[PROBLEM STATEMENT]
In total, how many lines of the data contain the word "Require"? Only that number is wanted.

[Stored items]
- Opening Delimiter -
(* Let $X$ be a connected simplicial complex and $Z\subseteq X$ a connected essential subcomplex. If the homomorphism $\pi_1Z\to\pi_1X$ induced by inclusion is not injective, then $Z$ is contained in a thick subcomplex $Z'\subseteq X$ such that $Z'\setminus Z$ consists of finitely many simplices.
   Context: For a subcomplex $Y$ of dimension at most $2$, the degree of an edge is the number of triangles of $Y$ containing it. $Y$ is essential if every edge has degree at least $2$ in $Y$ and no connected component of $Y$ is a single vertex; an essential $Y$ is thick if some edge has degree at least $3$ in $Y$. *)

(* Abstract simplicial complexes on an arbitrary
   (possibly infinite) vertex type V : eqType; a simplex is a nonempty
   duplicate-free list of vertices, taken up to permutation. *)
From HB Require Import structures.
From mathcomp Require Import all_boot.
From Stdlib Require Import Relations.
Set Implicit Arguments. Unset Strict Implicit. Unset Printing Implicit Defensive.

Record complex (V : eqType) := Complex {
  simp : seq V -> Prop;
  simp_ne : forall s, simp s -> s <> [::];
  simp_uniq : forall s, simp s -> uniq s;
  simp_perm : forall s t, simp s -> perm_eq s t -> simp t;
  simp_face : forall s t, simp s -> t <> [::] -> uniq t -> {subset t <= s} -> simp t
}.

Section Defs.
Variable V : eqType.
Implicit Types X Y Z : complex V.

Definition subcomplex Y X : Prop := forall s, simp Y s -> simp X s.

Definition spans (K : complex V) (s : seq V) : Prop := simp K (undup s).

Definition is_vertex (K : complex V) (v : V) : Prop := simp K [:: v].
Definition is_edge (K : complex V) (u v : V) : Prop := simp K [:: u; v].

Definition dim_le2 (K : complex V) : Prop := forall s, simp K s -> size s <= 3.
- Closing Delimiter -
[WRITTEN RESPONSE]
3